(Beginning of EXTRACTED RECORDS)
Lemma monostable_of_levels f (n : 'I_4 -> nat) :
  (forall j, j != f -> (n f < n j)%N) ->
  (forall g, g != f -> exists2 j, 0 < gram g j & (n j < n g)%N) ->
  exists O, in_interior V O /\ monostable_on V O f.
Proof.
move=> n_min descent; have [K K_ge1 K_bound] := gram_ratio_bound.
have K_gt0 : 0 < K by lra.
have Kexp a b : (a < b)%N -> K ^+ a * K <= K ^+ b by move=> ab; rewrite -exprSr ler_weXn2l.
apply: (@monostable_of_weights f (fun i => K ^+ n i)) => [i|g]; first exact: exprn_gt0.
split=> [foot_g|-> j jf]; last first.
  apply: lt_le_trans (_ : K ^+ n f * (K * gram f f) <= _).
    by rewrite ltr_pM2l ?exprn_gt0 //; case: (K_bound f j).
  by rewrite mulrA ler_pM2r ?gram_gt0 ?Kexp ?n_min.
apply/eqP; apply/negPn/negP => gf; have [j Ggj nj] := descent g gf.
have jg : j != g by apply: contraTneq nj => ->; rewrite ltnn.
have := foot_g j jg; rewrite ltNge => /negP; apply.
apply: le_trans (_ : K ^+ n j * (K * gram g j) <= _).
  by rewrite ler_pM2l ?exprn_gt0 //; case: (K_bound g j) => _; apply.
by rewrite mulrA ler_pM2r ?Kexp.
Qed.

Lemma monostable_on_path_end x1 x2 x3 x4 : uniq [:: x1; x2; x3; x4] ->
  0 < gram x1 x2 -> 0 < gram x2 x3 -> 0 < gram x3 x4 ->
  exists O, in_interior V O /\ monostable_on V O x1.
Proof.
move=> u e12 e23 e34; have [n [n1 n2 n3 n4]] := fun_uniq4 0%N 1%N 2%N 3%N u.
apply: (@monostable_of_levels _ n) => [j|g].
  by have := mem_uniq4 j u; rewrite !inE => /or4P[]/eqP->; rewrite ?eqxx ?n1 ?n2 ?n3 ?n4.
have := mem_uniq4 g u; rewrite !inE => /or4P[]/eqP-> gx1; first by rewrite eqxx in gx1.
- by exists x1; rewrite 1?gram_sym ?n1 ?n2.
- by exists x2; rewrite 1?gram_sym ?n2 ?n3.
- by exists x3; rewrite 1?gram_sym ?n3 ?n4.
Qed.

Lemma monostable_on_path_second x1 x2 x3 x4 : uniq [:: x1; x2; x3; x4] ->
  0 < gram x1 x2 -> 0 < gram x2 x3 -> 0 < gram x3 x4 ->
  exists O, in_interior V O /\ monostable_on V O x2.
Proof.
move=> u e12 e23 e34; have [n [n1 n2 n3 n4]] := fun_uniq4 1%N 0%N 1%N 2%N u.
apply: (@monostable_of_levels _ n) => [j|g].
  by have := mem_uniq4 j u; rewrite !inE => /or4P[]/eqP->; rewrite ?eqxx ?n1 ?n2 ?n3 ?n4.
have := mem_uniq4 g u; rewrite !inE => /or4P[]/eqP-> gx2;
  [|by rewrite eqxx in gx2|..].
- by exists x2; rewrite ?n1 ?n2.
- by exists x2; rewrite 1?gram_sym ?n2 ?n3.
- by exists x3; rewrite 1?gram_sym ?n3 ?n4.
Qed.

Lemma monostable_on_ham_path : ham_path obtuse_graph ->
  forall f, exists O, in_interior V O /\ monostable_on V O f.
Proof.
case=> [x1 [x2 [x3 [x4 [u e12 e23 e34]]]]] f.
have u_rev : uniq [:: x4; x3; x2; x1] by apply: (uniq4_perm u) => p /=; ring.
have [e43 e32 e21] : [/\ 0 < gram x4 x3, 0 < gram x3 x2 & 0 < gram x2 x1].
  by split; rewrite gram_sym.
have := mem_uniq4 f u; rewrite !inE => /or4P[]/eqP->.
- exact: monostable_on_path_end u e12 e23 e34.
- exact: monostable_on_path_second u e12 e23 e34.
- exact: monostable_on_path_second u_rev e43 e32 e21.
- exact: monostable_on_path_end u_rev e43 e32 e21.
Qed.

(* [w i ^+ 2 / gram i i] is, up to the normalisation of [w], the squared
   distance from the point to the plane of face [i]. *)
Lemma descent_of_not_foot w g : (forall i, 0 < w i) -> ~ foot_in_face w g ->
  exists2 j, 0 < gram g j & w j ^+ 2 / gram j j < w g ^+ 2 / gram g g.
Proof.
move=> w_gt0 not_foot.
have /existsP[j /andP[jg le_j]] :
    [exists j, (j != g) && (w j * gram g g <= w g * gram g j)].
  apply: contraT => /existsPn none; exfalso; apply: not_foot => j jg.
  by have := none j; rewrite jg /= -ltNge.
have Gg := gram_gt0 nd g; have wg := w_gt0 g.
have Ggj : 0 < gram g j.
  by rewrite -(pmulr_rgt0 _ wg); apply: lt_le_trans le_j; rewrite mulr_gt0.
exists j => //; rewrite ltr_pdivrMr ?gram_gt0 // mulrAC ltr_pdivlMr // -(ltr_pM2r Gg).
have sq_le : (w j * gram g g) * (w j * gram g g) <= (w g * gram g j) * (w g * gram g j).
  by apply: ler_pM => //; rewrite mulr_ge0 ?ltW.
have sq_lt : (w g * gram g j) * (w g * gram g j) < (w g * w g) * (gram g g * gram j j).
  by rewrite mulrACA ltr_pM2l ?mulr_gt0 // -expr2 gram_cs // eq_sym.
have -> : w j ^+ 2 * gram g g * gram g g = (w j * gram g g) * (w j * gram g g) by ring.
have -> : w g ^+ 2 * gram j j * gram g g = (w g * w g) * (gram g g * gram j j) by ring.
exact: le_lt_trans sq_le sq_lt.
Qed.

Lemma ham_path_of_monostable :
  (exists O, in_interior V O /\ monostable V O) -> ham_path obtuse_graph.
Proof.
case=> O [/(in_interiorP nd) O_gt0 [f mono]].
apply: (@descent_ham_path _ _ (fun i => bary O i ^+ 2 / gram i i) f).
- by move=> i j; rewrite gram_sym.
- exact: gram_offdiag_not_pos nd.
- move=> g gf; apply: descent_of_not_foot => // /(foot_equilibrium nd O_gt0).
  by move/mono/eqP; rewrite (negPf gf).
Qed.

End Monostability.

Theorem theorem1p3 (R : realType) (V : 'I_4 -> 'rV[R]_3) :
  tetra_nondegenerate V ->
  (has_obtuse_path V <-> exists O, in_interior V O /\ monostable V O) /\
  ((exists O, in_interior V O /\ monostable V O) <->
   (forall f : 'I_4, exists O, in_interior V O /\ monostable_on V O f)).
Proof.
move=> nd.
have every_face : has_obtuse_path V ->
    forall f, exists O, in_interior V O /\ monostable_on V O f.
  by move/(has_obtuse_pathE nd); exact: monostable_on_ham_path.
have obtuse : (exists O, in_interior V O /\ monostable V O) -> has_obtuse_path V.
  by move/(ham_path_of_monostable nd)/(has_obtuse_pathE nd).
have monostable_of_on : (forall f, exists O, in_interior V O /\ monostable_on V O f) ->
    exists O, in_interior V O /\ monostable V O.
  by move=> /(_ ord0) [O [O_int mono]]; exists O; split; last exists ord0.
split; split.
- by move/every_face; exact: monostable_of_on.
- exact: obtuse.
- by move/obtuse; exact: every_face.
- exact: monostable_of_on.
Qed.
(End of EXTRACTED RECORDS)
• **EXERCISE OBJECTIVE**:
Please give the number of lines with "case" in the entries above, and write no other text.

• **ANSWER BOX**:
4